--- Data supplied ---
____________________

(* In the colored-tree setting below, for every color $c\in C$ the map $f_c:V\to T_c$ satisfies $\mathcal L(f_c(v),f_c(v'))\le2|vv'|$ for all $v,v'\in V$.
   Context: Let $(Z,d)$ be a bounded metric space with at least two points. Hyperbolic approximation with parameter $r\in(0,1/6]$: $k_0$ is the largest integer with $\operatorname{diam}Z<r^{k_0}$; for each integer $k\ge k_0$, $V_k\subset Z$ is a maximal $r^k$-separated subset; vertex set $V=\bigsqcup_{k\ge k_0}V_k$ (disjoint union) with level $\ell(v)=k$ for $v\in V_k$, open ball $B(v)=\{z:d(z,v)<2r^k\}$, closure $\overline B(v)$; edges join equal-level vertices with $\overline B(v)\cap\overline B(v')\ne\emptyset$ (horizontal) and vertices on adjacent levels whose higher-level ball is contained in the lower-level ball (radial); $|vv'|$ is the path metric with unit edges; the unique vertex of $V_{k_0}$ is the root. Colored-tree setting: assume $\operatorname{cdim}Z=n<\infty$, $r<\min\{\operatorname{diam}Z,1/\operatorname{diam}Z\}$ (so $k_0\in\{0,-1\}$), and $(\mathcal U_j)_{j\ge0}$ is a sequence of open coverings of $Z$, each $\mathcal U_j=\bigcup_{c\in C}\mathcal U_j^c$ with $|C|=n+1$ and each $\mathcal U_j^c$ consisting of pairwise disjoint open sets, such that: (1) $\mathcal U_0^c=\{Z\}$ for all $c$ and $\sup_{U\in\mathcal U_j}\operatorname{diam}U<r^j$ for $j\ge1$; (2) for every $v\in V_{j+1}$, $j\ge0$, some $U\in\mathcal U_j$ contains $B(v)$; (3) for every $c$ and different $U\in\mathcal U_j^c$, $U'\in\mathcal U_{j'}^c$ with $j'\le j$, the set $B(U)=\bigcup\{B(v):v\in V_{j+1},B(v)\cap U\ne\emptyset\}$ satisfies $B(U)\subset U'$ or $B(U)\cap U'=\emptyset$. For $c\in C$, $T_c$ is the tree with vertex set $\bigsqcup_{j\ge0}\mathcal U_j^c$ (an element of $\mathcal U_j^c$ is a vertex of level $j$; the element $Z\in\mathcal U_0^c$ is the root $v_c$); a vertex $U'$ of level $j'$ is an ancestor of a vertex $U$ of level $j$ if $j'<j$ and $U\subset U'$; $U$ and $U'$ are joined by an edge iff one is an ancestor of the other and its level is maximal among the levels of ancestors of the other. $\mathcal L$ is the path metric on $T_c$ with unit edges; $T_{c,i}=\mathcal U_i^c$. The map $f_c:V\to T_c$ sends the root of $X$ to $v_c$ and $v\in V_j$, $j>k_0$, to the element $U\in\mathcal U_{j'}^c$ with $B(v)\subset U$ and $j'\le\max\{j-1,0\}$ maximal with this property (well-defined by (3)). *)

From Stdlib Require Import Reals ZArith List.
Open Scope R_scope.

Section Metric.
Context {M : Type} (d : M -> M -> R).

Definition is_metric : Prop :=
  (forall x y, 0 <= d x y) /\ (forall x y, d x y = 0 <-> x = y) /\
  (forall x y, d x y = d y x) /\ (forall x y z, d x z <= d x y + d y z).

(* D = diam M = sup of all distances (its existence encodes boundedness) *)
Definition is_diam (D : R) : Prop := is_lub (fun t => exists x y, t = d x y) D.

Definition subset (A B : M -> Prop) : Prop := forall x, A x -> B x.

Definition oball (x : M) (rho : R) : M -> Prop := fun z => d z x < rho.

Definition closure (A : M -> Prop) : M -> Prop :=
  fun z => forall eps, 0 < eps -> exists a, A a /\ d z a < eps.

Definition is_open (U : M -> Prop) : Prop :=
  forall x, U x -> exists eps, 0 < eps /\ forall y, d x y < eps -> U y.

Definition separated (s : R) (A : M -> Prop) : Prop :=
  forall a b, A a -> A b -> a <> b -> s <= d a b.

Definition max_separated (s : R) (A : M -> Prop) : Prop :=
  separated s A /\ forall B, subset A B -> separated s B -> subset B A.

(* Capacity dimension.  [cdim_prop m]: there is delta > 0 such that for every
   sufficiently small t > 0 there is an open covering of M with mesh <= t,
   multiplicity <= m+1 and Lebesgue number >= delta * t. *)
Definition cdim_prop (m : nat) : Prop :=
  exists delta, 0 < delta /\ exists t0, 0 < t0 /\
  forall t, 0 < t -> t <= t0 ->
  exists F : (M -> Prop) -> Prop,
    (forall U, F U -> is_open U) /\
    (forall x, exists U, F U /\ U x) /\
    (forall U x y, F U -> U x -> U y -> d x y <= t) /\
    (forall x (l : list (M -> Prop)), NoDup l ->
        (forall U, In U l -> F U /\ U x) -> (length l <= S m)%nat) /\
    (forall x s, s < delta * t -> exists U, F U /\ subset (oball x s) U).

Definition cdim_eq (n : nat) : Prop :=
  cdim_prop n /\ forall m, cdim_prop m -> (n <= m)%nat.

End Metric.

Section HypApprox.
Context {M : Type} (d : M -> M -> R) (Dm r : R) (k0 : Z) (Vs : Z -> M -> Prop).

Definition hyp_approx : Prop :=
  0 < r /\ r <= 1/6 /\
  Dm < powerRZ r k0 /\ (forall k, Dm < powerRZ r k -> (k <= k0)%Z) /\
  (forall k, (k0 <= k)%Z -> max_separated d (powerRZ r k) (Vs k)).

(* vertices of X: pairs (k, v) with k >= k0, v in V_k (disjoint union) *)
Definition xvertex (p : Z * M) : Prop := (k0 <= fst p)%Z /\ Vs (fst p) (snd p).

Definition Bv (p : Z * M) : M -> Prop := oball d (snd p) (2 * powerRZ r (fst p)).

Definition xedge (p q : Z * M) : Prop :=
  xvertex p /\ xvertex q /\
  ((fst p = fst q /\ p <> q /\
      exists z, closure d (Bv p) z /\ closure d (Bv q) z) \/
   (fst q = fst p + 1 /\ subset (Bv q) (Bv p))%Z \/
   (fst p = fst q + 1 /\ subset (Bv p) (Bv q))%Z).

End HypApprox.

Inductive walk {V : Type} (E : V -> V -> Prop) : nat -> V -> V -> Prop :=
| walk0 : forall u, walk E 0 u u
| walkS : forall n u w x, E u w -> walk E n w x -> walk E (S n) u x.

Definition path_dist {V : Type} (E : V -> V -> Prop) (u w : V) (m : nat) : Prop :=
  walk E m u w /\ forall m', walk E m' u w -> (m <= m')%nat.

Section Colored.
Context {M : Type} (d : M -> M -> R) (r : R) (k0 : Z) (Vs : Z -> M -> Prop)
        {C : Type} (cov : nat -> C -> (M -> Prop) -> Prop).
(* cov j c U  <->  U is an element of U_j^c *)

Definition vlev (j : nat) : Z := (Z.of_nat j + 1)%Z.

Definition BU (j : nat) (U : M -> Prop) : M -> Prop :=
  fun z => exists v, Vs (vlev j) v /\ (exists y, Bv d r (vlev j, v) y /\ U y) /\
                     Bv d r (vlev j, v) z.

Definition colored_cov : Prop :=
  (forall j c U, cov j c U -> is_open d U) /\
  (forall j x, exists c U, cov j c U /\ U x) /\
  (forall j c U U', cov j c U -> cov j c U' -> U <> U' -> forall x, ~ (U x /\ U' x)) /\
  (forall c U, cov 0%nat c U <-> U = (fun _ => True)) /\
  (forall j, (1 <= j)%nat -> exists s, s < r ^ j /\
       forall c U x y, cov j c U -> U x -> U y -> d x y <= s) /\
  (forall j v, Vs (vlev j) v -> exists c U, cov j c U /\ subset (Bv d r (vlev j, v)) U) /\
  (forall c j j' U U', cov j c U -> cov j' c U' -> (j' <= j)%nat -> (j, U) <> (j', U') ->
       subset (BU j U) U' \/ (forall x, ~ (BU j U x /\ U' x))).

Definition tvertex (c : C) (a : nat * (M -> Prop)) : Prop := cov (fst a) c (snd a).

Definition ancestor (c : C) (a' a : nat * (M -> Prop)) : Prop :=
  tvertex c a' /\ tvertex c a /\ (fst a' < fst a)%nat /\ subset (snd a) (snd a').

Definition tparent (c : C) (a' a : nat * (M -> Prop)) : Prop :=
  ancestor c a' a /\ forall b, ancestor c b a -> (fst b <= fst a')%nat.

Definition tedge (c : C) (a b : nat * (M -> Prop)) : Prop :=
  tparent c a b \/ tparent c b a.

(* graph of the map f_c : V -> T_c *)
Definition fc_rel (c : C) (p : Z * M) (a : nat * (M -> Prop)) : Prop :=
  xvertex k0 Vs p /\
  ((fst p = k0 /\ a = (0%nat, fun _ => True)) \/
   ((k0 < fst p)%Z /\ cov (fst a) c (snd a) /\ subset (Bv d r p) (snd a) /\
    (Z.of_nat (fst a) <= Z.max (fst p - 1) 0)%Z /\
    (forall j U, cov j c U -> subset (Bv d r p) U ->
        (Z.of_nat j <= Z.max (fst p - 1) 0)%Z -> (j <= fst a)%nat))).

____________________

--- The problem ---
Lines to set down from above: the line with "(fst p = fst q +", the line with "R) (r : R) (k0", and every line between, each exactly as written.

--- Solved problem ---
   (fst p = fst q + 1 /\ subset (Bv p) (Bv q))%Z).

End HypApprox.

Inductive walk {V : Type} (E : V -> V -> Prop) : nat -> V -> V -> Prop :=
| walk0 : forall u, walk E 0 u u
| walkS : forall n u w x, E u w -> walk E n w x -> walk E (S n) u x.

Definition path_dist {V : Type} (E : V -> V -> Prop) (u w : V) (m : nat) : Prop :=
  walk E m u w /\ forall m', walk E m' u w -> (m <= m')%nat.

Section Colored.
Context {M : Type} (d : M -> M -> R) (r : R) (k0 : Z) (Vs : Z -> M -> Prop)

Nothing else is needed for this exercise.